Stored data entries
------------------------------------------------------------

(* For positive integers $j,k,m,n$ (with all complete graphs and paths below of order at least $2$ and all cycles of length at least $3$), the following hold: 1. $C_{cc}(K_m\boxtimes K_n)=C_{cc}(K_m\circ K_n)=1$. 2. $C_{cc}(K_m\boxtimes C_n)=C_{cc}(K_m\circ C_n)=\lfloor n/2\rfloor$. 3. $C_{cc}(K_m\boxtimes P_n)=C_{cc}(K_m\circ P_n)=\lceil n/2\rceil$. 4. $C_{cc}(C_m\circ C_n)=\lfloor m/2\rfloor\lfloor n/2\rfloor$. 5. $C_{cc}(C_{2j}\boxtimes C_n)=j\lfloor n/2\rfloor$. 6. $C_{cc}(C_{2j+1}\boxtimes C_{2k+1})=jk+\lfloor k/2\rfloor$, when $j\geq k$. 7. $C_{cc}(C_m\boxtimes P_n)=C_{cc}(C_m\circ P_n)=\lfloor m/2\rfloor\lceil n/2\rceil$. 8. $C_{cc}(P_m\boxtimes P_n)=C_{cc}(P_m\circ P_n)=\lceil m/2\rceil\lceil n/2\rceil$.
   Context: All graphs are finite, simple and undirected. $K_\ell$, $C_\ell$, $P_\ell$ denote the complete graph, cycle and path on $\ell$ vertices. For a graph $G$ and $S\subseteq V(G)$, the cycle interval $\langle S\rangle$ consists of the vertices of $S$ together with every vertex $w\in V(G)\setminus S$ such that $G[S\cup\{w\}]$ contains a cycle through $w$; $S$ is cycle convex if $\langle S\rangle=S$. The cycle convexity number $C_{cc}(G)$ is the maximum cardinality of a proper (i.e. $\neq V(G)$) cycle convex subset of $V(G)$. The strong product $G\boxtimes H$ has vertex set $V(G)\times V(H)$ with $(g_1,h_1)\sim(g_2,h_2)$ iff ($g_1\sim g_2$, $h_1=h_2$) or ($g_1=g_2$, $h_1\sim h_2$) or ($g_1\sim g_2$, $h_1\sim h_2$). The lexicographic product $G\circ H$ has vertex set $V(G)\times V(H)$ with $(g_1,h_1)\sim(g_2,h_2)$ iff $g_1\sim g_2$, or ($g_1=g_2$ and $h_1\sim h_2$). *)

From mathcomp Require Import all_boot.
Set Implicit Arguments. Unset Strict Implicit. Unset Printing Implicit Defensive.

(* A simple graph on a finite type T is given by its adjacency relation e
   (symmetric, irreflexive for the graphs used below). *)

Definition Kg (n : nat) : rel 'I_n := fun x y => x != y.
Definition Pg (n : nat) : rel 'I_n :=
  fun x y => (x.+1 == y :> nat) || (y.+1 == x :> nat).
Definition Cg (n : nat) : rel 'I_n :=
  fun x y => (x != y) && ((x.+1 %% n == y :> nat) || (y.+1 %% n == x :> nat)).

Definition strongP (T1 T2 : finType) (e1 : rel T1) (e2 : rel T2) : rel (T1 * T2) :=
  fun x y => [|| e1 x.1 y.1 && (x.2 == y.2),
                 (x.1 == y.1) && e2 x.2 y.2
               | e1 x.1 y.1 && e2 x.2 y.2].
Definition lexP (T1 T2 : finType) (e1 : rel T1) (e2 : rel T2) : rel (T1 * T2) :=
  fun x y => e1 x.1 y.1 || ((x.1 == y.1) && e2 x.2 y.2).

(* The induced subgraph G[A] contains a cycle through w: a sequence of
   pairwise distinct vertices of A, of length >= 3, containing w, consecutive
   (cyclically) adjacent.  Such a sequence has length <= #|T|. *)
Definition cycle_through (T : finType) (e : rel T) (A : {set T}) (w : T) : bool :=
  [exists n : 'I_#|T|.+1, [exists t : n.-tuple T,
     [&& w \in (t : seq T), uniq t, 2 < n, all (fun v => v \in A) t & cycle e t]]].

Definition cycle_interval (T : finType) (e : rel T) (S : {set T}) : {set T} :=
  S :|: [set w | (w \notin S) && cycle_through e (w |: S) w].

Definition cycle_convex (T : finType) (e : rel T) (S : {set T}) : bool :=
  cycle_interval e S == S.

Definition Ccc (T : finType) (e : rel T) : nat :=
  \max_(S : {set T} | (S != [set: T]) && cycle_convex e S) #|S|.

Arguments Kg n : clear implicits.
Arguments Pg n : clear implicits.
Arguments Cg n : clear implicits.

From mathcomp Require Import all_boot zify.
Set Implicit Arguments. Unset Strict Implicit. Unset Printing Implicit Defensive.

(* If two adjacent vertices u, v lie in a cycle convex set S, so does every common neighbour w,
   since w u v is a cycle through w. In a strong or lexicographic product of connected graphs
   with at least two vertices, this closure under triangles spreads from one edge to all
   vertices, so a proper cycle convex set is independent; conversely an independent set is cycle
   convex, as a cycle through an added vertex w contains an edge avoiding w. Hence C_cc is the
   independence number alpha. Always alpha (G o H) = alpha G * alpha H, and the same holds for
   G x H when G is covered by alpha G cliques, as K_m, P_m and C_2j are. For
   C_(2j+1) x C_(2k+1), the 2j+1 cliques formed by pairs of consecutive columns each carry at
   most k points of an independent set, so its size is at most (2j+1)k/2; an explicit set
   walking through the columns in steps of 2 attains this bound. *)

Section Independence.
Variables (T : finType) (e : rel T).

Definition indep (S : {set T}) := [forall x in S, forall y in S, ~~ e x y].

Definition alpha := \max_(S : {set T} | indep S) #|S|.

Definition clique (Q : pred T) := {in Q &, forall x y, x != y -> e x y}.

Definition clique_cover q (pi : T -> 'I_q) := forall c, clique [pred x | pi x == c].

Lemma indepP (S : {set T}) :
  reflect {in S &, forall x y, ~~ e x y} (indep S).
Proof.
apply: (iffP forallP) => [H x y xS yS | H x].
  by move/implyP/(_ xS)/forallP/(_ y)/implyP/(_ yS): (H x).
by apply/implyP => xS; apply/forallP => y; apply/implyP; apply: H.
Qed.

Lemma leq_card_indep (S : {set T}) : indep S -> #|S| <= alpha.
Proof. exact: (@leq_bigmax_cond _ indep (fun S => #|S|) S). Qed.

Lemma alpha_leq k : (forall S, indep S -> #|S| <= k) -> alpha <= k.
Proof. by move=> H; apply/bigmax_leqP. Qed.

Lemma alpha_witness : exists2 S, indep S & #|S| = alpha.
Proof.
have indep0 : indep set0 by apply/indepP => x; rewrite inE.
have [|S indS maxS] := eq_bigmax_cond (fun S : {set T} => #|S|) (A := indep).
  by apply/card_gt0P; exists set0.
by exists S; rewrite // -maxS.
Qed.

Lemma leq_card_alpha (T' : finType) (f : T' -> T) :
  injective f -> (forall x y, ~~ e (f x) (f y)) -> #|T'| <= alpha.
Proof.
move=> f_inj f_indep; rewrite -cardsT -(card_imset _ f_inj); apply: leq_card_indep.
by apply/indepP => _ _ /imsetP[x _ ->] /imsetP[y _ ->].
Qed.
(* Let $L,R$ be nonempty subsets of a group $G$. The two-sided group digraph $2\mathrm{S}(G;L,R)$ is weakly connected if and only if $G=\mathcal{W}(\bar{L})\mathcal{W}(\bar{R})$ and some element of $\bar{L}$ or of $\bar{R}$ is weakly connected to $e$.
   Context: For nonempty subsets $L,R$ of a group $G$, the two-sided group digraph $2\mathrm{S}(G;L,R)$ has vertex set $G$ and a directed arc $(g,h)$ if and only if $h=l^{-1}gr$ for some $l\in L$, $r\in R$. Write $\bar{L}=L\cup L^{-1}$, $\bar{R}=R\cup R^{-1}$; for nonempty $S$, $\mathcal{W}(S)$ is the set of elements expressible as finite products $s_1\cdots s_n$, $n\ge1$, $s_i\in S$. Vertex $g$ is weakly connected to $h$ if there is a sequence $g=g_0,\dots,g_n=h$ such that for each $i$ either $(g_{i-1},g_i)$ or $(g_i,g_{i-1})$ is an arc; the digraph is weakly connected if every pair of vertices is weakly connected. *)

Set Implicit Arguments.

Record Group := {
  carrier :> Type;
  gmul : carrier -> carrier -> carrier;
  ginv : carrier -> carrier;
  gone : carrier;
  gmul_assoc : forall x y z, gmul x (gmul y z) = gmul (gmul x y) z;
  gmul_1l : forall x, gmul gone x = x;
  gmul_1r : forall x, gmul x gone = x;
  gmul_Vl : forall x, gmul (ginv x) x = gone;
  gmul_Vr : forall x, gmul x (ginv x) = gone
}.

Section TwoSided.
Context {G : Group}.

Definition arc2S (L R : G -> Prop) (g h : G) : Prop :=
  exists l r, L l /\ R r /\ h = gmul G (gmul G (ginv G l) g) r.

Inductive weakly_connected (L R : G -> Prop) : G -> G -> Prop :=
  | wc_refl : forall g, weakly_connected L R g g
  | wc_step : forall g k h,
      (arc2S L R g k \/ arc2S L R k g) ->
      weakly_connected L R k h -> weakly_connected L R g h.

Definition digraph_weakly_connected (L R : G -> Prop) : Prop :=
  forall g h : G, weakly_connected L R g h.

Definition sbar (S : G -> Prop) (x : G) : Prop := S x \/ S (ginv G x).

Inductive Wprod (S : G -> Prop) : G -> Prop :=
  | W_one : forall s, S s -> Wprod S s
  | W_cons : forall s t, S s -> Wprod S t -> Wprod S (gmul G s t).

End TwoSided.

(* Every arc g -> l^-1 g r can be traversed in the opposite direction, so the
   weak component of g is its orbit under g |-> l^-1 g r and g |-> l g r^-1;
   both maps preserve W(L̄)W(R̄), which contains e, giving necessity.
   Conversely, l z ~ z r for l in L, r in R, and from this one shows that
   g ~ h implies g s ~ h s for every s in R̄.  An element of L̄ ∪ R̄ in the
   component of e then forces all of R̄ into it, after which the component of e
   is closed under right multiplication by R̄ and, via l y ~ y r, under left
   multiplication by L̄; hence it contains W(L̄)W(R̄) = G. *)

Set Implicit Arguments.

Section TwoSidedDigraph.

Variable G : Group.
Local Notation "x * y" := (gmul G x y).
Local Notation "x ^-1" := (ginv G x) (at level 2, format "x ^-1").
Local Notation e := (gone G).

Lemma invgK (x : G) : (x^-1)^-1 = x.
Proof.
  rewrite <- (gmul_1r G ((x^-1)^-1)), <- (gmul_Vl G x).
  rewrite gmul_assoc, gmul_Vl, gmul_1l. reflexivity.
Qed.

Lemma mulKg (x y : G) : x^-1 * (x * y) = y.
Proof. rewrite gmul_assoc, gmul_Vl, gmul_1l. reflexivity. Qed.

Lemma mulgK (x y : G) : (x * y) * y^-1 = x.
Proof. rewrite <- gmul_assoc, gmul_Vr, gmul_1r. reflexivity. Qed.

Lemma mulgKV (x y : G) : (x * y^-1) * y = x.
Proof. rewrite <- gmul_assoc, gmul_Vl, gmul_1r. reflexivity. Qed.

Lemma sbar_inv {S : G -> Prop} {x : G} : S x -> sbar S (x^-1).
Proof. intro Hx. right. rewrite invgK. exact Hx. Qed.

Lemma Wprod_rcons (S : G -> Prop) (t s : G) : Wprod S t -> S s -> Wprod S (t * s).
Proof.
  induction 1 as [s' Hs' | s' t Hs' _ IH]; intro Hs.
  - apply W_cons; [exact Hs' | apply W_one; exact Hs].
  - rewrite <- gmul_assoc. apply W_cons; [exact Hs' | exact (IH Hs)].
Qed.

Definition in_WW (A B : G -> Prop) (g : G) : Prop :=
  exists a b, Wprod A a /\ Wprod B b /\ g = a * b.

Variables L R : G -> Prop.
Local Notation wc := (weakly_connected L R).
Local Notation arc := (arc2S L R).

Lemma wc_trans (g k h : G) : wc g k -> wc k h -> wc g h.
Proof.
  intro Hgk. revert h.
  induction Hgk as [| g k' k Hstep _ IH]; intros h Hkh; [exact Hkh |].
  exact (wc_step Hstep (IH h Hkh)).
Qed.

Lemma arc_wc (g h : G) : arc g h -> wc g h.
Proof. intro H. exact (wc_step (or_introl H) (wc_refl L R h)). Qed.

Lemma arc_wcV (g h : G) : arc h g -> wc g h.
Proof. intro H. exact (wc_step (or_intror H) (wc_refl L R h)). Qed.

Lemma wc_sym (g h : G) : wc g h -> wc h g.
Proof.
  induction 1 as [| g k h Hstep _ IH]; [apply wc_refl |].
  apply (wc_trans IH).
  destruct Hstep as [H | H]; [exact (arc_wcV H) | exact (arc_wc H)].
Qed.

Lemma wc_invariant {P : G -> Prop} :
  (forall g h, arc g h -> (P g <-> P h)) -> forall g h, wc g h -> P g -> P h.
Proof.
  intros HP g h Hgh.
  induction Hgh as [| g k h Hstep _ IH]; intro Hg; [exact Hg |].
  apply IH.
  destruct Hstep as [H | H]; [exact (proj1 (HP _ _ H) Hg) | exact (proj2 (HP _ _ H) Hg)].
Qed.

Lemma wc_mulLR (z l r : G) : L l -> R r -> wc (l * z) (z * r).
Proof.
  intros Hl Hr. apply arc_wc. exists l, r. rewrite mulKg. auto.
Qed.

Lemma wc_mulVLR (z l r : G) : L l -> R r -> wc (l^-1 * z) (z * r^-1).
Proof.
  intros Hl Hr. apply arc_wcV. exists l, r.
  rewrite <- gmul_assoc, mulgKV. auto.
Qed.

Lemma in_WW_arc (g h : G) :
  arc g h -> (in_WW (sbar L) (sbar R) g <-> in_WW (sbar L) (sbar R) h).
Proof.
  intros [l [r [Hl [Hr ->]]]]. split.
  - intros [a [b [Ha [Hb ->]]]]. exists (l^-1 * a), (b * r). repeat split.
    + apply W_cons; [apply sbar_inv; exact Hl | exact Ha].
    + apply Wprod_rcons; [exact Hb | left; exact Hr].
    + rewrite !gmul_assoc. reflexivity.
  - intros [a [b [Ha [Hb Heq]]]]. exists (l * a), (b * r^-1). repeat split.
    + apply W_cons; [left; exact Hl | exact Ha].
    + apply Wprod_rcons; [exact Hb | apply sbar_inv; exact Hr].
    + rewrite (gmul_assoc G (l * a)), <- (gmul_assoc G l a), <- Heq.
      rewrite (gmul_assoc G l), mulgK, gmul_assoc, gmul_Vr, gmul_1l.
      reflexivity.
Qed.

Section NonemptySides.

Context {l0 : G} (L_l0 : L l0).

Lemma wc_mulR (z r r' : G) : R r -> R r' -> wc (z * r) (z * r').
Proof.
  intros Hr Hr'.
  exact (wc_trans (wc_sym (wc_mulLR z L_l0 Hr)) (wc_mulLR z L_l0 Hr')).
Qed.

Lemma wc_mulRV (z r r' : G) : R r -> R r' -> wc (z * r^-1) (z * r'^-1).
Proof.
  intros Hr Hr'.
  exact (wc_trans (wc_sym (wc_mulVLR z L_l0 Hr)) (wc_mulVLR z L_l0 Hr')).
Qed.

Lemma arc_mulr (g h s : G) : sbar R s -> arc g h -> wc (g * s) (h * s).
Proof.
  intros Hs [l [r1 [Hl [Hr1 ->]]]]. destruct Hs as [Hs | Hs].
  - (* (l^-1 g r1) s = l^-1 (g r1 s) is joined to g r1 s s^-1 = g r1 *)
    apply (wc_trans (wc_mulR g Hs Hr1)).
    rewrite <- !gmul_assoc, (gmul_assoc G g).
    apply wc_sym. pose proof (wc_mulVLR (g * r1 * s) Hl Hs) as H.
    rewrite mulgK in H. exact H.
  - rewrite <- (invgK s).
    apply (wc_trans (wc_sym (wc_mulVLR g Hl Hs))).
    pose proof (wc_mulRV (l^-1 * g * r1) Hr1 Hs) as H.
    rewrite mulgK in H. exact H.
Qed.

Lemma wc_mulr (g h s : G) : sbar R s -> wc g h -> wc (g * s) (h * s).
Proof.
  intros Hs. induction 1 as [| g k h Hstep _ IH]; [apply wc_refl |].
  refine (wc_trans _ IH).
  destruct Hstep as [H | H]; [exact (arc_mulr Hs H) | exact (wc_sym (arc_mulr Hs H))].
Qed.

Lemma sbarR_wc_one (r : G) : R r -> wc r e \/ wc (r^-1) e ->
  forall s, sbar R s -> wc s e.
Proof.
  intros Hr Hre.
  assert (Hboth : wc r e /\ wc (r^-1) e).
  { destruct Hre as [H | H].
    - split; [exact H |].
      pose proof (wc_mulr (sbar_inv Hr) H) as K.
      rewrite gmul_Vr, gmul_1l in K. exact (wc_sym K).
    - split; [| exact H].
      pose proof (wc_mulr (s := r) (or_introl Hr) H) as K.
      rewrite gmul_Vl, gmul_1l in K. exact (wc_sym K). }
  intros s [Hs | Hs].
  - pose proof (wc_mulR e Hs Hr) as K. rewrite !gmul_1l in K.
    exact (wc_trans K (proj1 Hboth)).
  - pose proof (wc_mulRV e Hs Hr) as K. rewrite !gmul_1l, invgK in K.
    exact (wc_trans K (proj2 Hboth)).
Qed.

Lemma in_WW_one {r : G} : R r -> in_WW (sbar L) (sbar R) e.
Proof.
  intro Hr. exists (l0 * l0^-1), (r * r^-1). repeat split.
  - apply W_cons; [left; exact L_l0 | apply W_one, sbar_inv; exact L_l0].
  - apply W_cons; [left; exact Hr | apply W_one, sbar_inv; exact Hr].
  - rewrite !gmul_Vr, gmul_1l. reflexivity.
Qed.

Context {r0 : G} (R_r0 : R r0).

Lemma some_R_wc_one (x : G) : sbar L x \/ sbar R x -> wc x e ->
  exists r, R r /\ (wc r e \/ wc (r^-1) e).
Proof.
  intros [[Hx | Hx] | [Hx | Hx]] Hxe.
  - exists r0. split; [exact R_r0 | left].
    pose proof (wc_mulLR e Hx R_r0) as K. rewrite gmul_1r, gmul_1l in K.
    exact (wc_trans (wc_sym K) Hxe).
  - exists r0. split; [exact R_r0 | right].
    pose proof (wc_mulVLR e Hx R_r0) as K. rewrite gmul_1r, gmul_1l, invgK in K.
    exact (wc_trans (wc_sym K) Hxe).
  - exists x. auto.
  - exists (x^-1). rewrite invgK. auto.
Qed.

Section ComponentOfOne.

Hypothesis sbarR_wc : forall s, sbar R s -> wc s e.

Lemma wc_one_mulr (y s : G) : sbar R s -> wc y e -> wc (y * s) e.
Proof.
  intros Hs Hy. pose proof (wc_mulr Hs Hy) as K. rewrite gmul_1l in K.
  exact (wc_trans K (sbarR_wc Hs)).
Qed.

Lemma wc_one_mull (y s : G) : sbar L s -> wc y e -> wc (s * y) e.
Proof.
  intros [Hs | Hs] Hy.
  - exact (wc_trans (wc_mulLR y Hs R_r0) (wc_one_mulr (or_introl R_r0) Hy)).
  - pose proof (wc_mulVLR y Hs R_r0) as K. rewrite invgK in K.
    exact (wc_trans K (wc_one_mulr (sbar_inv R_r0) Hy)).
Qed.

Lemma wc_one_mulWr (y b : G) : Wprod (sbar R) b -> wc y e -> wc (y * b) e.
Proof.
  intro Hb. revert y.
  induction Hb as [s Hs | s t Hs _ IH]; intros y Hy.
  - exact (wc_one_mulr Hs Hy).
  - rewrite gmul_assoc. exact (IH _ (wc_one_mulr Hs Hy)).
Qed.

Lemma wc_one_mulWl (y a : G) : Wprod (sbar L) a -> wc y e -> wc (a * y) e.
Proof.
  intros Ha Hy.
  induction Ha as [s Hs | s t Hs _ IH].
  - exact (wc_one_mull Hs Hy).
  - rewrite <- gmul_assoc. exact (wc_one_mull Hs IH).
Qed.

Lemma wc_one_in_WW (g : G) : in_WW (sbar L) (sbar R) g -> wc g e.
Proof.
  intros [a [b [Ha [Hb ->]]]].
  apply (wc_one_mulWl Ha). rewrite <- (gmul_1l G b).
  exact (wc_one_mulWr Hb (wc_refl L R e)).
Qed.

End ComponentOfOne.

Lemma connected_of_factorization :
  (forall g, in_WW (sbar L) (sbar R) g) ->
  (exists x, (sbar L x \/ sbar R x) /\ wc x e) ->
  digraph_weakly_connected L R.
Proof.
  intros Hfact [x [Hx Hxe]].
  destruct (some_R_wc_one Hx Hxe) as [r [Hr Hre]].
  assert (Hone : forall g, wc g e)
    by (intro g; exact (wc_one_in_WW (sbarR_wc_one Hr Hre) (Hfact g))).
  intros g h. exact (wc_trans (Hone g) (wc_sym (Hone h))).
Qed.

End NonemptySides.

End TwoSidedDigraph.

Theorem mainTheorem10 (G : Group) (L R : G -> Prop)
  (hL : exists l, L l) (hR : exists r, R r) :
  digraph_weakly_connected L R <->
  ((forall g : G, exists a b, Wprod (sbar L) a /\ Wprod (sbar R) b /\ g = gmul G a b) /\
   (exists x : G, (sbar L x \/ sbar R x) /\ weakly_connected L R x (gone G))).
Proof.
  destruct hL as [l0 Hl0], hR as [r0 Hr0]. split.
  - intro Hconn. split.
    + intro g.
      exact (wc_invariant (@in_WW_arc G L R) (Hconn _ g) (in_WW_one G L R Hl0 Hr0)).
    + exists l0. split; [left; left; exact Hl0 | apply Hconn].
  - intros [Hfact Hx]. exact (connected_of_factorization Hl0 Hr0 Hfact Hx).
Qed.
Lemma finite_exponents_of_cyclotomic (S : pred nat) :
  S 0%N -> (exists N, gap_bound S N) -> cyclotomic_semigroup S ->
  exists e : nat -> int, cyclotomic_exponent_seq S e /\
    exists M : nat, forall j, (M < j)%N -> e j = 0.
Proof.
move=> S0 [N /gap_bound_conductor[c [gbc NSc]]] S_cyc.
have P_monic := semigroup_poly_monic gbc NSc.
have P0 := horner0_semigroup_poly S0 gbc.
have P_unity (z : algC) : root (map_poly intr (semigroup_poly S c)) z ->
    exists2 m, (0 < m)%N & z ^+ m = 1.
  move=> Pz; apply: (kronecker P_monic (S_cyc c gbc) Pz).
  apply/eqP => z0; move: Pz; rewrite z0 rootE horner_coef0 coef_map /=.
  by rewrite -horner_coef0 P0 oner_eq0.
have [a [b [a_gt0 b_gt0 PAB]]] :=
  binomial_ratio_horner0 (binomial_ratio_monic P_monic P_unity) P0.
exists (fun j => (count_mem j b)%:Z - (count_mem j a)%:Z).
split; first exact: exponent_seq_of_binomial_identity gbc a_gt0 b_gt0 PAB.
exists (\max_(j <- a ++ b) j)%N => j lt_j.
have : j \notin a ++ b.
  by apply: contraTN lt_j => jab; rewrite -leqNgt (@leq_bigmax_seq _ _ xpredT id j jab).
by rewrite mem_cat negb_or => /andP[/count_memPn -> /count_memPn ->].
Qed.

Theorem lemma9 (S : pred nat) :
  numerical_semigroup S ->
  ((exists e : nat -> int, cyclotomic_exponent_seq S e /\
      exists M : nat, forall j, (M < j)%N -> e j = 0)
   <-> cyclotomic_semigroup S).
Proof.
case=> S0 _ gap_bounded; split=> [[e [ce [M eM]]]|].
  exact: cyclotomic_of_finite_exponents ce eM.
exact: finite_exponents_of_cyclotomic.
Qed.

------------------------------------------------------------

Write down again, exactly as given, only the lines above that fall from the line with "g ~ h implies" to the line with "x) (at level", inclusive.

   g ~ h implies g s ~ h s for every s in R̄.  An element of L̄ ∪ R̄ in the
   component of e then forces all of R̄ into it, after which the component of e
   is closed under right multiplication by R̄ and, via l y ~ y r, under left
   multiplication by L̄; hence it contains W(L̄)W(R̄) = G. *)

Set Implicit Arguments.

Section TwoSidedDigraph.

Variable G : Group.
Local Notation "x * y" := (gmul G x y).
Local Notation "x ^-1" := (ginv G x) (at level 2, format "x ^-1").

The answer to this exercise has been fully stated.